Boost C++ Libraries



Boost.Build has convenient support for running unit tests. The simplest way is the unit-test rule, which follows the common syntax. For example:

unit-test helpers_test : helpers_test.cpp helpers ;

The unit-test rule behaves like the exe rule, but after the executable is created it is also run. If the executable returns an error code, the build system will also return an error and will try running the executable on the next invocation until it runs successfully. This behaviour ensures that you can not miss a unit test failure.

There are few specialized testing rules, listed below:

rule compile ( sources : requirements * : target-name ? )
rule compile-fail ( sources : requirements * : target-name ? )
rule link ( sources + : requirements * : target-name ? )
rule link-fail ( sources + : requirements * : target-name ? )

They are given a list of sources and requirements. If the target name is not provided, the name of the first source file is used instead. The compile* tests try to compile the passed source. The link* rules try to compile and link an application from all the passed sources. The compile and link rules expect that compilation/linking succeeds. The compile-fail and link-fail rules expect that the compilation/linking fails.
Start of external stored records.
(* Let $\mathbb{B}$ be a complete Boolean algebra and $F$ a filter on $\mathbb{B}$. Suppose that for each $n<\omega$ we are given a countable maximal antichain $A_n$ of $\mathbb{B}$ and a bijection $f_n\colon A_n\to A_n$ such that: $F=\{b\in\mathbb{B}: \{a\in A_0: a\wedge\neg b>\mathbb{0}\}\text{ is finite}\}$ and $f_0$ is the identity on $A_0$; $f_n=f_n^{-1}$ for every $n$; and for all $m<n<\omega$, $\bigvee\{b\in A_n: \exists a\in A_m\,(b\le a\text{ and }f_n(b)\le f_m(a))\}\in F$. Then there exist a countable maximal antichain $A_\infty$ of $\mathbb{B}$ and a bijection $f_\infty\colon A_\infty\to A_\infty$ such that $f_\infty=f_\infty^{-1}$ and, for every $n<\omega$, $\bigvee\{b\in A_\infty: \exists a\in A_n\,(b\le a\text{ and }f_\infty(b)\le f_n(a))\}\in F$. *)

From HB Require Import structures.
From mathcomp Require Import all_boot all_order.
From mathcomp Require Import boolp classical_sets cardinality.

Set Implicit Arguments.
Unset Strict Implicit.
Unset Printing Implicit Defensive.

Import Order.Theory.

Section BA.
Context {d : Order.disp_t} {B : ctbDistrLatticeType d}.

Local Notation le := (@Order.le d B).
Local Notation meet := (@Order.meet d B).
Local Notation bot := (@Order.bottom d B).
Local Notation top := (@Order.top d B).

Definition is_sup (S : set B) (s : B) : Prop :=
  (forall x, S x -> le x s) /\ (forall u, (forall x, S x -> le x u) -> le s u).

Definition complete_BA : Prop := forall S : set B, exists s, is_sup S s.

(* "\bigvee S \in F" (the supremum is unique by antisymmetry) *)
Definition sup_in (F : set B) (S : set B) : Prop :=
  exists s, is_sup S s /\ F s.

Definition is_filter (F : set B) : Prop :=
  F top /\ (forall x y, F x -> le x y -> F y) /\
  (forall x y, F x -> F y -> F (meet x y)).

Definition antichain (A : set B) : Prop :=
  (forall a, A a -> a != bot) /\
  (forall a b, A a -> A b -> a <> b -> meet a b = bot).

Definition maximal_antichain (A : set B) : Prop :=
  antichain A /\ (forall b, b != bot -> exists2 a, A a & meet a b != bot).

Definition countable_maximal_antichain (A : set B) : Prop :=
  countable A /\ maximal_antichain A.

Definition bij_on (A : set B) (f : B -> B) : Prop :=
  (forall a, A a -> A (f a)) /\
  (forall a b, A a -> A b -> f a = f b -> a = b) /\
  (forall b, A b -> exists2 a, A a & f a = b).

Definition involutive_on (A : set B) (f : B -> B) : Prop :=
  forall a, A a -> f (f a) = a.

Definition agree_set (A' : set B) (f' : B -> B) (A : set B) (f : B -> B)
  : set B :=
  fun b => A' b /\ exists2 a, A a & le b a /\ le (f' b) (f a).

End BA.

(* Fix, for every pair m < n, the supremum s m n of the agreement set of
   (A n, f n) with (A m, f m); by hypothesis every element of A 0 lies below
   s m n with finitely many exceptions.  Enumerate A 0 injectively by idx.
   An atom a of A 0 is "good up to k" when it lies below every s m n with
   m < n <= k, and its level is the largest k <= idx a up to which it is good.
   The limit antichain is the union, over a in A 0, of the "pieces"
     piece a = {x in A (level a) | x <= a and f (level a) x <= a},
   with the limit map acting as f (level a) on piece a.  The pieces are
   closed under their map, they cover a (this uses a <= s 0 (level a)), and
   an atom a that is good up to n with n <= idx a has its whole piece inside
   the agreement set with (A n, f n).  Only finitely many atoms fail one of
   these two conditions, which gives the agreement with every (A n, f n). *)
From HB Require Import structures.
From mathcomp Require Import all_boot all_order.
From mathcomp Require Import boolp classical_sets cardinality.

Set Implicit Arguments.
Unset Strict Implicit.
Unset Printing Implicit Defensive.

Import Order.Theory.
Local Open Scope classical_set_scope.
Local Open Scope order_scope.

Fixpoint last_sat (Q : nat -> Prop) (i : nat) : nat :=
  match i with
  | 0 => 0
  | j.+1 => if asbool (Q j.+1) then j.+1 else last_sat Q j
  end.

Lemma last_satP (Q : nat -> Prop) i : Q 0 -> Q (last_sat Q i).
Proof. by move=> Q0; elim: i => [|i IH] //=; case: asboolP. Qed.

Lemma last_sat_max (Q : nat -> Prop) i j :
  Q j -> (j <= i)%N -> (j <= last_sat Q i)%N.
Proof.
move=> Qj; elim: i => [|i IH] /=; first by rewrite leqn0 => /eqP ->.
case: asboolP => // nQ; rewrite leq_eqVlt => /orP[/eqP Eji|]; last exact: IH.
by rewrite Eji in Qj.
Qed.

Lemma finite_inj_lt T (S : set T) (g : T -> nat) n :
  {in S &, injective g} -> finite_set [set a | S a /\ (g a < n)%N].
Proof.
move=> g_inj; set S' := [set a | _].
have g_inj' : {in S' &, injective g}.
  by move=> x y /set_mem[Sx _] /set_mem[Sy _]; apply: g_inj; apply: mem_set.
rewrite -(eq_finite_set (inj_card_eq g_inj')).
by apply: sub_finite_set (finite_II n) => _ [a [_ an] <-].
Qed.

Section BooleanAlgebraFacts.
Context {d : Order.disp_t} {B : ctbDistrLatticeType d}.
Implicit Types (a g s x : B) (A S : set B).

Lemma lt0_meet_compl a s : (\bot < a `&` ~` s) = ~~ (a <= s).
Proof. by rewrite lt0x disj_leC complK. Qed.

Lemma le_complU a g : a <= ~` a `|` g -> a <= g.
Proof. by rewrite disjoint_lexUr // meetxC. Qed.

Lemma antichain_le_uniq A a a' x : antichain A -> A a -> A a' ->
  x != \bot -> x <= a -> x <= a' -> a = a'.
Proof.
move=> [_ disjA] Aa Aa' nzx xa xa'; apply: contrapT => neq.
move/eqP: nzx; apply; apply/eqP.
by rewrite -lex0 -(disjA _ _ Aa Aa' neq) lexI xa xa'.
Qed.

Lemma antichain_le_sup A S x s : antichain A -> A x -> S `<=` A ->
  is_sup S s -> x <= s -> S x.
Proof.
move=> [nzA disjA] Ax SA [_ s_least] xs; apply: contrapT => nSx.
have s_le : s <= ~` x.
  apply: s_least => y Sy; rewrite -disj_leC meetC; apply/eqP.
  by apply: disjA => //; [exact: SA | move=> Exy; rewrite -Exy in Sy].
have := nzA _ Ax; rewrite -lex0 -(meetxC x) lexI lexx.
by rewrite (le_trans xs s_le).
Qed.

End BooleanAlgebraFacts.

Section Amalgamation.
Context {d : Order.disp_t} {B : ctbDistrLatticeType d}.
Variables (A : nat -> set B) (f : nat -> B -> B) (s : nat -> nat -> B)
  (idx : B -> nat).
Hypothesis complB : complete_BA (B := B).
Hypothesis countA : forall n, countable (A n).
Hypothesis maxA : forall n, maximal_antichain (A n).
Hypothesis bijA : forall n, bij_on (A n) (f n).
Hypothesis invA : forall n, involutive_on (A n) (f n).
Hypothesis f0_id : forall a, A 0 a -> f 0 a = a.
Hypothesis s_sup : forall m n, (m < n)%N ->
  is_sup (agree_set (A n) (f n) (A m) (f m)) (s m n).
Hypothesis s_cofinite : forall m n, (m < n)%N ->
  finite_set [set a | A 0 a /\ ~ a <= s m n].
Hypothesis idx_inj : {in A 0 &, injective idx}.

Let antiA n : antichain (A n). Proof. by case: (maxA n). Qed.

Definition good (a : B) (k : nat) : Prop :=
  forall m n, (m < n)%N -> (n <= k)%N -> a <= s m n.

Definition level (a : B) : nat := last_sat (good a) (idx a).

Definition piece (a : B) : set B :=
  [set x | A (level a) x /\ x <= a /\ f (level a) x <= a].

Definition Ainf : set B := [set x | exists2 a, A 0 a & piece a x].

Definition owner (x : B) : B := xget \bot [set a | A 0 a /\ piece a x].

Definition finf (x : B) : B := f (level (owner x)) x.

Lemma good0 a : good a 0.
Proof. by move=> m n mn; rewrite leqn0 => /eqP En; rewrite En in mn. Qed.

Lemma good_level a : good a (level a).
Proof. exact: (@last_satP (good a)) (good0 a). Qed.

Lemma le_s_level a m : (m < level a)%N -> a <= s m (level a).
Proof. by move=> m_lt; exact: good_level. Qed.

Lemma level_ge a n : (n <= idx a)%N -> good a n -> (n <= level a)%N.
Proof. by move=> n_idx gn; apply: (@last_sat_max (good a)). Qed.

Lemma good_succ a k : good a k ->
  (forall m, (m < k.+1)%N -> a <= s m k.+1) -> good a k.+1.
Proof.
move=> gk col m n mn; rewrite leq_eqVlt => /orP[/eqP En|]; last exact: gk.
by rewrite En in mn *; exact: col.
Qed.

Lemma piece_owner_uniq a a' x : A 0 a -> A 0 a' -> piece a x -> x <= a' ->
  a = a'.
Proof.
move=> Aa Aa' [Ax [xa _]] xa'.
exact: antichain_le_uniq (antiA 0) Aa Aa' ((antiA _).1 _ Ax) xa xa'.
Qed.

Lemma owner_piece a x : A 0 a -> piece a x -> owner x = a.
Proof.
move=> Aa px; apply: xget_unique => [//|a' [Aa' pa'x]].
by apply: piece_owner_uniq Aa' Aa pa'x _; case: px => _ [].
Qed.

(* Each piece is closed under its map, since f (level a) is an involution. *)
Lemma piece_f a x : piece a x -> piece a (f (level a) x).
Proof.
move=> [Ax [xa fxa]]; split; first exact: (bijA _).1.
by rewrite invA.
Qed.

Lemma finf_piece a x : A 0 a -> piece a x -> finf x = f (level a) x.
Proof. by move=> Aa px; rewrite /finf (owner_piece Aa px). Qed.

(* The piece of a covers a: the parts of A (level a) below a agree with
   the identity f 0 and hence are mapped below a. *)
Lemma piece_cover a g : A 0 a -> is_sup (piece a) g -> a <= g.
Proof.
move=> Aa [g_ub _]; apply: le_complU.
have [lvl0|lvl_gt0] := posnP (level a).
  by apply: lexUr; apply: g_ub; rewrite /piece /= lvl0 f0_id.
have [_ s_least] := s_sup lvl_gt0.
apply: le_trans (le_s_level lvl_gt0) _.
apply: s_least => y [Ay [a' Aa' [ya' fya']]]; rewrite f0_id // in fya'.
have [Ea'|neq] := pselect (a' = a).
  by rewrite Ea' in ya' fya'; apply: lexUr; apply: g_ub.
apply: lexUl; apply: le_trans ya' _; rewrite -disj_leC; apply/eqP.
exact: (antiA 0).2 _ _ Aa' Aa neq.
Qed.

(* Ainf is contained in the countable union of the A n. *)
Lemma Ainf_countable : countable Ainf.
Proof.
apply: (@sub_countable _ _ _ (\bigcup_(n in setT) A n)).
  by apply: subset_card_le => x [a _ [Ax _]]; exists (level a).
exact: bigcup_countable.
Qed.

(* Elements of one piece are disjoint as members of A (level a); elements of
   different pieces lie below disjoint atoms of A 0. *)
Lemma Ainf_antichain : antichain Ainf.
Proof.
split=> [x [a _ [Ax _]]|x y [a Aa px] [b Ab py] neq].
  exact: (antiA _).1 Ax.
have [Eab|Nab] := pselect (a = b).
  rewrite -Eab in py; case: px py => Ax _ [Ay _].
  exact: (antiA _).2 _ _ Ax Ay neq.
case: px py => _ [xa _] [_ [yb _]].
by apply/eqP; rewrite -lex0 -((antiA 0).2 _ _ Aa Ab Nab) leI2.
Qed.

(* A nonzero b meets some atom a of A 0; as the piece of a covers a, b meets
   a member of that piece. *)
Lemma Ainf_maximal : maximal_antichain Ainf.
Proof.
split; first exact: Ainf_antichain.
move=> b nzb; have [a Aa ab] := (maxA 0).2 b nzb.
have [g g_sup] := complB (piece a).
apply: contrapT => none; move/eqP: ab; apply; apply/eqP; rewrite disj_leC.
apply: le_trans (piece_cover Aa g_sup) (g_sup.2 _ _) => x px.
rewrite -disj_leC; apply: contrapT => nzxb; apply: none.
by exists x; [exists a | apply/negP].
Qed.

Lemma finf_maps x : Ainf x -> Ainf (finf x).
Proof.
by move=> [a Aa px]; exists a; rewrite // (finf_piece Aa px); exact: piece_f.
Qed.

Lemma finf_involutive : involutive_on Ainf finf.
Proof.
move=> x [a Aa px]; rewrite (finf_piece Aa px) (finf_piece Aa (piece_f px)).
by apply: invA; case: px.
Qed.

(* finf is injective since the images of two elements determine their common
   piece, on which finf is the bijection f (level a). *)
Lemma finf_bij : bij_on Ainf finf.
Proof.
split; first exact: finf_maps.
split=> [x y [a Aa px] [b Ab py]|y Ay]; last first.
  by exists (finf y); [exact: finf_maps | exact: finf_involutive].
rewrite (finf_piece Aa px) (finf_piece Ab py) => Efxy.
have Eba : b = a.
  apply: piece_owner_uniq Ab Aa (piece_f py) _.
  by case: (piece_f px) => _ []; rewrite Efxy.
subst b; case: px py => Ax _ [Ay _].
exact: (bijA _).2.1 _ _ Ax Ay Efxy.
Qed.

Lemma finite_bad_column n :
  finite_set [set a | A 0 a /\ exists2 m, (m < n)%N & ~ a <= s m n].
Proof.
apply: sub_finite_set (bigcup_finite (finite_II n) (fun m mn => s_cofinite mn)).
by move=> a [Aa [m mn nle]]; exists m.
Qed.

Lemma finite_not_good k : finite_set [set a | A 0 a /\ ~ good a k].
Proof.
elim: k => [|k IH].
  by apply: sub_finite_set (finite_set0 B) => a [_ /(_ (good0 a))].
apply: (@sub_finite_set _ _ ([set a | A 0 a /\ ~ good a k] `|`
  [set a | A 0 a /\ exists2 m, (m < k.+1)%N & ~ a <= s m k.+1])); last first.
  by rewrite finite_setU; split; [exact: IH | exact: finite_bad_column].
move=> a [Aa ng]; have [gk|ngk] := pselect (good a k); last by left.
right; split=> //; apply: contrapT => col; apply: ng; apply: good_succ gk _.
by move=> m mk; apply: contrapT => nle; apply: col; exists m.
Qed.

(* For n <= level a the piece of a lies in the agreement set with (A n, f n):
   its members lie below a, hence below s n (level a). *)
Lemma piece_agree a n : A 0 a -> (n <= level a)%N ->
  piece a `<=` agree_set Ainf finf (A n) (f n).
Proof.
move=> Aa n_lvl x px; split; first by exists a.
rewrite (finf_piece Aa px); case: (px) => Ax [xa _].
move: n_lvl; rewrite leq_eqVlt => /orP[/eqP En|n_lt].
  by exists x; rewrite ?En.
have x_agree : agree_set (A (level a)) (f (level a)) (A n) (f n) x.
  apply: antichain_le_sup (antiA _) Ax _ (s_sup n_lt) _ => [y []//|].
  exact: le_trans xa (le_s_level n_lt).
by case: x_agree => _ [a' Aa' agree]; exists a'.
Qed.

(* Agreement with (A n, f n): an atom a with n <= idx a which is good up to
   n is covered by its piece, which lies in the agreement set; the remaining
   atoms are finitely many. *)
Lemma Ainf_agree n t : is_sup (agree_set Ainf finf (A n) (f n)) t ->
  finite_set [set a | A 0 a /\ ~ a <= t].
Proof.
move=> t_sup.
apply: (@sub_finite_set _ _ ([set a | A 0 a /\ (idx a < n)%N] `|`
  [set a | A 0 a /\ ~ good a n])); last first.
  rewrite finite_setU; split; first exact: finite_inj_lt.
  exact: finite_not_good.
move=> a [Aa not_le]; have [small|big] := ltnP (idx a) n; first by left.
have [gn|ngn] := pselect (good a n); last by right.
exfalso; apply: not_le; have [g g_sup] := complB (piece a).
apply: le_trans (piece_cover Aa g_sup) (g_sup.2 _ _) => x px.
exact: t_sup.1 _ (piece_agree Aa (level_ge big gn) px).
Qed.

(* The construction, with the filter replaced by cofiniteness in A 0. *)
Theorem amalgamation : exists (Ainf : set B) (finf : B -> B),
  [/\ countable_maximal_antichain Ainf, bij_on Ainf finf,
      involutive_on Ainf finf &
      forall n, exists2 t, is_sup (agree_set Ainf finf (A n) (f n)) t &
        finite_set [set a | A 0 a /\ ~ a <= t]].
Proof.
exists Ainf, finf; split.
- exact: (conj Ainf_countable Ainf_maximal).
- exact: finf_bij.
- exact: finf_involutive.
- move=> n; have [t t_sup] := complB (agree_set Ainf finf (A n) (f n)).
  by exists t => //; exact: (Ainf_agree t_sup).
Qed.

End Amalgamation.

Theorem mainTheorem7 (d : Order.disp_t) (B : ctbDistrLatticeType d)
  (F : set B) (A : nat -> set B) (f : nat -> B -> B) :
  complete_BA (B := B) ->
  is_filter F ->
  (forall n, countable_maximal_antichain (A n)) ->
  (forall n, bij_on (A n) (f n)) ->
  F = (fun b : B => finite_set (fun a : B => A 0%N a /\
          (@Order.lt d B (@Order.bottom d B)
             (@Order.meet d B a (@Order.compl d B b))))) ->
  (forall a, A 0%N a -> f 0%N a = a) ->
  (forall n, involutive_on (A n) (f n)) ->
  (forall m n : nat, (m < n)%N -> sup_in F (agree_set (A n) (f n) (A m) (f m))) ->
  exists (Ainf : set B) (finf : B -> B),
    countable_maximal_antichain Ainf /\ bij_on Ainf finf /\
    involutive_on Ainf finf /\
    (forall n, sup_in F (agree_set Ainf finf (A n) (f n))).
Proof.
move=> complB _ HA bijA HF f0_id invA Hsup.
have F_cofinite b : F b = finite_set [set a | A 0 a /\ ~ a <= b].
  rewrite HF; congr finite_set; apply/funext => a; apply/propext.
  by rewrite /= lt0_meet_compl; split=> -[Aa /negP nab]; split.
have /choice[s s_spec] : forall mn : nat * nat, exists t, (mn.1 < mn.2)%N ->
    is_sup (agree_set (A mn.2) (f mn.2) (A mn.1) (f mn.1)) t /\ F t.
  move=> [m n] /=; have [mn|nmn] := pselect (m < n)%N.
    by have [t t_spec] := Hsup m n mn; exists t.
  by exists \bot => /nmn.
have s_sup m n (mn : (m < n)%N) :
    is_sup (agree_set (A n) (f n) (A m) (f m)) (s (m, n)).
  exact: (s_spec (m, n) mn).1.
have s_cofinite m n (mn : (m < n)%N) :
    finite_set [set a | A 0 a /\ ~ a <= s (m, n)].
  by rewrite -F_cofinite; exact: (s_spec (m, n) mn).2.
have [idx idx_inj] := countable_injP _ (HA 0%N).1.
have [Ainf [finf [cmA bij inv agree]]] :=
  amalgamation complB (fun n => (HA n).1) (fun n => (HA n).2) bijA invA f0_id
    s_sup s_cofinite idx_inj.
exists Ainf, finf; do 3!split=> //; move=> n.
by have [t t_sup t_cof] := agree n; exists t; rewrite F_cofinite.
Qed.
There are two specialized rules for running applications, which are more powerful than the unit-test rule. The run rule has the following signature:

rule run ( sources + : args * : input-files * : requirements * : target-name ?
    : default-build * )

The rule builds application from the provided sources and runs it, passing args and input-files as command-line arguments. The args parameter is passed verbatim and the values of the input-files parameter are treated as paths relative to containing Jamfile, and are adjusted if b2 is invoked from a different directory. The run-fail rule is identical to the run rule, except that it expects that the run fails.
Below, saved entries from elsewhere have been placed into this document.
(* Let $L\ge1$, $D\ge1$, a dataset $\{(\mathbf{x}_n,y_n)\}_{n=1}^N\subset\mathbb{R}^D\times\{-1,1\}$, a differentiable loss $\ell(\hat y,y)$, and consider the gradient descent iterates $\mathbf{u}^{(t+1)}=\mathbf{u}^{(t)}-\eta_t\nabla_{\mathbf{u}}\mathcal{L}_{\mathcal{P}_{conv}}(\mathbf{u}^{(t)})$, where $\mathbf{u}=[\mathbf{u}_l]_{l=1}^L$, $\mathbf{u}_l\in\mathbb{R}^D$, and $\mathcal{L}_{\mathcal{P}_{conv}}(\mathbf{u})=\sum_n\ell(\langle\mathbf{x}_n,\mathcal{P}_{conv}(\mathbf{u})\rangle,y_n)$. Let $\hat{\mathbf{u}}^{(t)}=[\hat{\mathbf{u}}^{(t)}_l]_{l=1}^L$ be the Fourier transforms of the $\mathbf{u}^{(t)}_l$. Then for every $l$ and $t$, the update $\Delta\mathbf{u}_l^{(t)}=\mathbf{u}_l^{(t+1)}-\mathbf{u}_l^{(t)}$ satisfies $$\mathcal{F}\Delta\mathbf{u}^{(t)}_l=\hat{\mathbf{u}}^{(t+1)}_l-\hat{\mathbf{u}}^{(t)}_l=-\eta_t\nabla_{\hat{\mathbf{u}}_l}\hat{\mathcal{L}}_{\mathcal{P}_{diag}}(\hat{\mathbf{u}}^{(t)}),$$ where $\hat{\mathcal{L}}_{\mathcal{P}_{diag}}(\hat{\mathbf{u}})=\sum_n\ell(\langle\hat{\mathbf{x}}_n,\mathcal{P}_{diag}(\hat{\mathbf{u}})\rangle,y_n)$ and $\mathcal{P}_{diag}(\hat{\mathbf{u}})=\hat{\mathbf{u}}_1\odot\cdots\odot\hat{\mathbf{u}}_L$.
   Context: Indices run over $0,\dots,D-1$. $(\mathbf{h}\star\mathbf{u})[d]=\frac{1}{\sqrt D}\sum_{k}\mathbf{u}[k]\mathbf{h}[(d+k)\bmod D]$; $\mathcal{P}_{conv}(\mathbf{u})$ is the vector with $\langle\mathbf{x},\mathcal{P}_{conv}(\mathbf{u})\rangle=((((\mathbf{x}\star\mathbf{u}_1)\star\mathbf{u}_2)\cdots)\star\mathbf{u}_{L-1})^\top\mathbf{u}_L$. $\mathcal{F}\in\mathbb{C}^{D\times D}$ is the DFT matrix $\mathcal{F}[d,p]=\frac{1}{\sqrt D}e^{-2\pi\mathrm{i}dp/D}$ and $\hat{\mathbf{z}}=\mathcal{F}\mathbf{z}$. $\odot$ is the entrywise product. The complex inner product is $\langle\hat{\mathbf{x}},\hat{\mathbf{w}}\rangle=\hat{\mathbf{x}}^\top\hat{\mathbf{w}}^*$ ($^*$ = complex conjugate), so each summand can be written $\ell\big(\hat{\mathbf{u}}_l^{*\top}\mathbf{a}_{n,l},y_n\big)$ with $\mathbf{a}_{n,l}=(\odot_{l'\neq l}\hat{\mathbf{u}}^*_{l'})\odot\hat{\mathbf{x}}_n$; the gradient convention is $\nabla_{\hat{\mathbf{u}}_l}\ell(\hat{\mathbf{u}}_l^{*\top}\mathbf{a},y)=\ell'(\hat{\mathbf{u}}_l^{*\top}\mathbf{a},y)\,\mathbf{a}$, with $\ell'=\partial\ell/\partial\hat y$. *)

From HB Require Import structures.
From mathcomp Require Import all_boot all_order all_algebra.
From mathcomp Require Import all_classical all_reals all_analysis.
From mathcomp Require Export complex.
Set Implicit Arguments. Unset Strict Implicit. Unset Printing Implicit Defensive.
Import Order.TTheory GRing.Theory Num.Theory.
Local Open Scope ring_scope.
Local Open Scope complex_scope.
All rules described in this section, if executed successfully, create a special manifest file to indicate that the test passed. For the unit-test rule the files is named target-name.passed and for the other rules it is called target-name.test. The run* rules also capture all output from the program, and store it in a file named target-name.output.
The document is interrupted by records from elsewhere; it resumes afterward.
(* A [nabla F[oo]]-transitive point visits every nonempty open set at
   arbitrarily late times (the differences of its visit times are unbounded). *)
Lemma nabla_point_visits_late (x : X) :
  F_transitive_point d f (nabla Finf) x ->
  forall U, is_open d U -> (exists y, U y) ->
    forall N, exists a, (N < a)%nat /\ U (Nat.iter a f x).
Proof.
  intros Hx U HU HUne N.
  destruct (Hx U HU HUne 1%nat (le_n 1) (fun _ => N)) as [k [Hk Hdiff]].
  destruct (Hdiff 0%nat ltac:(lia)) as [a [b [[_ HaU] [_ [_ Ediff]]]]].
  exists a. split; [lia | exact HaU].
Qed.

(* A [nabla F[oo]]-transitive point forces transitivity: a late visit to [V]
   after a visit to [U] gives a return time from [U] to [V]. *)
Lemma nabla_point_transitive (x : X) :
  F_transitive_point d f (nabla Finf) x -> transitive d f.
Proof.
  intros Hx U V HU HV HUne HVne.
  destruct (nabla_point_visits_late x Hx U HU HUne 0%nat) as [b [Hb HbU]].
  destruct (nabla_point_visits_late x Hx V HV HVne b) as [a [Hab HaV]].
  exists (a - b)%nat. split; [lia|]. exists (Nat.iter b f x). split; [exact HbU|].
  rewrite <- Nat.iter_add. now replace (a - b + b)%nat with a by lia.
Qed.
If the preserve-test-targets feature has the value off, then run and the run-fail rules will remove the executable after running it. This somewhat decreases disk space requirements for continuous testing environments. The default value of preserve-test-targets feature is on.

It is possible to print the list of all test targets (except for unit-test) declared in your project, by passing the --dump-tests command-line option. The output will consist of lines of the form:

boost-test(test-type) path : sources

It is possible to process the list of tests, Boost.Build output and the presense/absense of the *.test files created when test passes into human-readable status table of tests. Such processing utilities are not included in Boost.Build.

The following features adjust behaviour of the testing metatargets.


Defines an argument to be passed to the target when it is executed before the list of input files.

unit-test helpers_test
  : helpers_test.cpp helpers
  : <testing.arg>"--foo bar"


Specifies a file to be passed to the executable on the command line after the arguments. All files must be specified in alphabetical order due to constrainsts in the current implementation.


By default, the executable is run directly. Sometimes, it is desirable to run the executable using some helper command. You should use the this property to specify the name of the helper command. For example, if you write:

unit-test helpers_test
  : helpers_test.cpp helpers
  : <testing.launcher>valgrind

The command used to run the executable will be:

valgrind bin/$toolset/debug/helpers_test


A description of the test. This is displayed as part of the --dump-tests command-line option.